Salesforce interpelle l'UE sur l'opération Microsoft-LinkedIn

vendredi 30 septembre 2016 08h48
 

BRUXELLES, 30 septembre (Reuters) - Salesforce a demandé jeudi aux autorités européennes de la concurrence d'examiner les problèmes éventuellement soulevés par le rachat du réseau social professionnel LinkedIn par Microsoft pour 26 milliards de dollars (23,18 milliards d'euros).

Microsoft devrait solliciter dans les prochaines semaines l'aval de la Commission européenne (CE) à cette acquisition, la plus importante jamais réalisée par le géant américain de l'informatique.

Salesforce, spécialiste des logiciels de la relation client qui souhaitait aussi mettre la main sur LinkedIn, a exhorté l'exécutif européen à ne pas se contenter d'un simple examen pour cette opération qui, selon lui, menace l'innovation et la concurrence.

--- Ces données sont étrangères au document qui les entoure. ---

Lemma in_catP (T : eqType) (P : T -> Prop) s1 s2 :
  {in s1 ++ s2, forall x, P x} <-> {in s1, forall x, P x} /\ {in s2, forall x, P x}.
Proof.
split=> [Ps | [P1 P2] x]; last by rewrite mem_cat => /orP [/P1 | /P2].
by split=> x x_in; apply: Ps; rewrite mem_cat x_in ?orbT.
Qed.

Lemma in_consP (T : eqType) (P : T -> Prop) x s :
  {in x :: s, forall y, P y} <-> P x /\ {in s, forall y, P y}.
Proof.
split=> [Ps | [Px Ps] y]; last by rewrite in_cons => /orP [/eqP -> | /Ps].
by split=> [|y y_in]; apply: Ps; rewrite in_cons ?eqxx ?y_in ?orbT.
Qed.

Lemma in_cat_consP (T : eqType) (P : T -> Prop) s1 x s2 :
  {in s1 ++ x :: s2, forall y, P y} <-> P x /\ {in s1 ++ s2, forall y, P y}.
Proof.
split=> [/in_catP [P1 /in_consP [Px P2]] | [Px /in_catP [P1 P2]]].
  by split=> //; apply/in_catP.
by apply/in_catP; split=> //; apply/in_consP.
Qed.

Lemma not_sorted_split (T : Type) (r : rel T) s : ~~ sorted r s ->
  exists s1 x y s2, s = s1 ++ x :: y :: s2 /\ ~~ r x y.
Proof.
elim: s => [|x [|y s] IHs] //=; case r_xy: (r x y) => /= s_path.
  have [s1 [x' [y' [s2 [-> r_x'y']]]]] := IHs s_path.
  by exists (x :: s1), x', y', s2.
by exists [::], x, y, s; rewrite r_xy.
Qed.

Section FreeWords.
Variables (R : realType) (A : algType R[i]) (st : A -> A) (nrm : A -> R).
Variables (tau : A -> R[i]) (m n : nat) (p : 'I_m -> A) (e : 'I_n -> 'I_n -> A).
Hypotheses (cstarA : is_Cstar_algebra st nrm) (stateT : is_state st tau).
Hypothesis n_gt0 : (0 < n)%N.
Hypotheses (p_st : forall j, st (p j) = p j)
  (p_mul : forall j k, p j * p k = if j == k then p j else 0) (p_sum : \sum_j p j = 1).
Hypotheses (e_st : forall i j, st (e i j) = e j i)
  (e_mul : forall i j k l, e i j * e k l = if j == k then e i l else 0)
  (e_sum : \sum_i e i i = 1).
Hypothesis tau_e : forall i j, tau (e i j) = if i == j then (n%:R)^-1 else 0.
Hypothesis free : free_pair tau (span_proj p) (span_mu e).

(* [(b, d, a)]: the element [a] of the first free factor if [b], of the second
   one otherwise, of degree [d]. *)
Definition letter := (bool * nat * A)%type.
Local Notation side x := x.1.1.
Local Notation deg x := x.1.2.
Local Notation elt x := x.2.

"En devenant propriétaire de la base de données unique de LinkedIn sur 450 millions de professionnels dans plus de 200 pays, Microsoft sera en mesure d'empêcher l'accès de ses concurrents à ces données et, ainsi, d'obtenir un avantage compétitif injuste", affirme Burke Norton, directeur juridique de Salesforce, dans un communiqué.

Son homologue de Microsoft, Brad Smith, a répliqué dans un communiqué: "Salesforce n'en est peut-être pas informé mais la conclusion de l'opération a déjà été approuvée aux Etats-Unis, au Canada et au Brésil. Nous nous engageons à continuer d'oeuvrer en faveur d'une concurrence par les prix sur un marché de la gestion de la relation clients sur lequel Salesforce occupe une position d'acteur dominant, imposant aujourd'hui à ses clients des prix plus élevés."

L'examen préliminaire par la Commission européenne des projets de fusion dure 25 jours ouvrés, qui peuvent être prolongés de quatre mois en cas de doutes sérieux. (Foo Yun Chee; Bertrand Boucey pour le service français, édité par Wilfrid Exbrayat)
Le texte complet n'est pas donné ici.